Я киваю и откидываюсь на подушку, а когда спазм проходит, вытираю вспотевший лоб носовым платком.

— Я упала в Форт.

— Это не кажется мне хорошо продуманным планом.

— Там были sluagh.

Киаран замолкает на миг.

— А-а…

— А-а… — рявкаю я. — Я едва не погибла, и как ты на это реагируешь? Всего лишь «А-а…»?

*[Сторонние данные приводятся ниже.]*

Lemma comp_def_genP (Col Op : Type) (d : Op -> seq Col) (c : Op -> Col) g i h :
  comp_def_gen d c g i h <-> onth (d g) i = Some (c h).
Proof.
split=> [[s1 [s2 [-> <-]]] | dg_i]; first by rewrite onth_cat ltnn subnn.
have lt_i : i < size (d g) by rewrite -onthTE dg_i.
exists (take i (d g)), (drop i.+1 (d g)); split; last exact/size_takel/ltnW.
by rewrite -{1}(cat_take_drop i (d g)) (drop_nth (c h) lt_i) (onth_nth _ _ _ _ dg_i).
Qed.

Section OperadFacts.

Variable O : operad.
Implicit Types f g h : Op O.

Lemma comp_defP g i h : comp_def g i h <-> onth (dom g) i = Some (cod h).
Proof. exact: comp_def_genP. Qed.

Lemma comp_def_size g i h : comp_def g i h -> i < size (dom g).
Proof. by move=> /comp_defP dg_i; rewrite -onthTE dg_i. Qed.

Lemma onth_dom_comp f i g n : comp_def f i g ->
  onth (dom (comp f i g)) n =
  if n < i then onth (dom f) n
  else if n < i + size (dom g) then onth (dom g) (n - i)
  else onth (dom f) (n - size (dom g) + 1).
Proof. by move=> fig; rewrite (dom_comp fig) onth_insert ?(comp_def_size fig). Qed.

Lemma comp_def_id_l f : comp_def (oid (cod f)) 0 f.
Proof. by apply/comp_defP; rewrite dom_id. Qed.

Lemma comp_def_compl f g h i j :
  comp_def f i g -> comp_def g j h -> comp_def (comp f i g) (i + j) h.
Proof.
move=> fig gjh; apply/comp_defP; rewrite onth_dom_comp // ltnNge leq_addr /=.
by rewrite ltn_add2l (comp_def_size gjh) addKn; apply/comp_defP.
Qed.

Lemma comp_def_compr f g h i j :
  comp_def g j h -> comp_def f i g -> comp_def f i (comp g j h).
Proof. by move=> gjh; rewrite /comp_def /comp_def_gen (cod_comp gjh). Qed.

Lemma comp_def_comp_lt f g h i k : i < k ->
  comp_def f k g -> comp_def f i h -> comp_def (comp f k g) i h.
Proof. by move=> lt_ik fkg /comp_defP fih; apply/comp_defP; rewrite onth_dom_comp ?lt_ik. Qed.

Киаран не обращает внимания на эту вспышку и, как всегда, отстраненно, спокойно изучает меня.

— Я говорил тебе брать пикси с собой, — напоминает он, усаживаясь на кушетку напротив. — Ты ужасно выглядишь.

— Не у всех непробиваемая фейская шкура, — отвечаю я.

Я почти ожидаю, что он улыбнется. Он учил меня с гордостью носить порезы и синяки, он был первым, кто назвал их моими почетными медалями. Вместо этого я вижу отблеск чего-то в его глазах. Вины? Но все исчезает прежде, чем я успеваю его различить.

Мне странно и неуютно видеть, как Киаран выражает какие-либо эмоции. Я привыкла к нему — бесчувственному и холодному. Но очень часто в нем проявляется нечто более глубокое, и я начинаю задумываться, действительно ли его эмоции так мимолетны или он просто хочет, чтобы я так считала.

Нет, я не могу об этом думать. Я начинаю относиться к нему так, словно он испытывает вполне человеческие чувства.

— Почему ты на самом деле здесь? — спрашиваю я, как бы невежливо это ни звучало. — Это ведь не просто визит.

— Ты должна понимать, что я пришел сюда убедиться, что ты не мертва.

Я едва не захлебываюсь чаем.

— Господи, МакКей! Ты обо мне беспокоился?

«Пожалуйста, скажи, как всегда, чтобы я не очеловечивала тебя снова».

Его лицо совершенно ничего не выражает.

— Тебе нужно мое беспокойство?

— Определенно нет.

Его это, похоже, веселит.

— Нет? Тогда чего ты действительно хочешь?

Мести я желаю больше всего, единственной вещи, которой хочу достаточно сильно, чтобы убить за нее. В конце концов, это древнейшая мотивация всего мира. Люди могут думать, что это любовь, или жадность, или богатство, но только месть делает нас живыми. Она придает нам сил. Она заставляет гореть.

Я не отвечаю. Вместо этого задаю вопрос:

— А как насчет тебя?

Киаран улыбается. В этот раз я не могу понять, искренне это или нет.

— Ищешь во мне нечто достойное оправдания, Кэм?

— Ищу причину, по которой ты охотишься.

«Что запускает эти мимолетные эмоции, которые я так редко замечаю?»

— Разве удовольствия недостаточно для причины?

Вот только это не все. Я наблюдала, как убивает Киаран. Для него это настолько же личное, как и для меня. Но он не хочет говорить мне почему, и у нас есть куда более срочные дела, чем собственные вендетты.

Я тянусь за чаем и отпиваю, чтобы успокоить саднящее горло.

— Нам нужно найти печать до вторника, МакКей.

Киаран придвигается ко мне слишком уж близко. Хоть я и знаю, что он совершенно не заботится о принятых в обществе правилах — он, похоже, даже не подозревает об их существовании, — я не могу не поразиться этой изумительной фамильярности. От старых привычек сложно избавиться.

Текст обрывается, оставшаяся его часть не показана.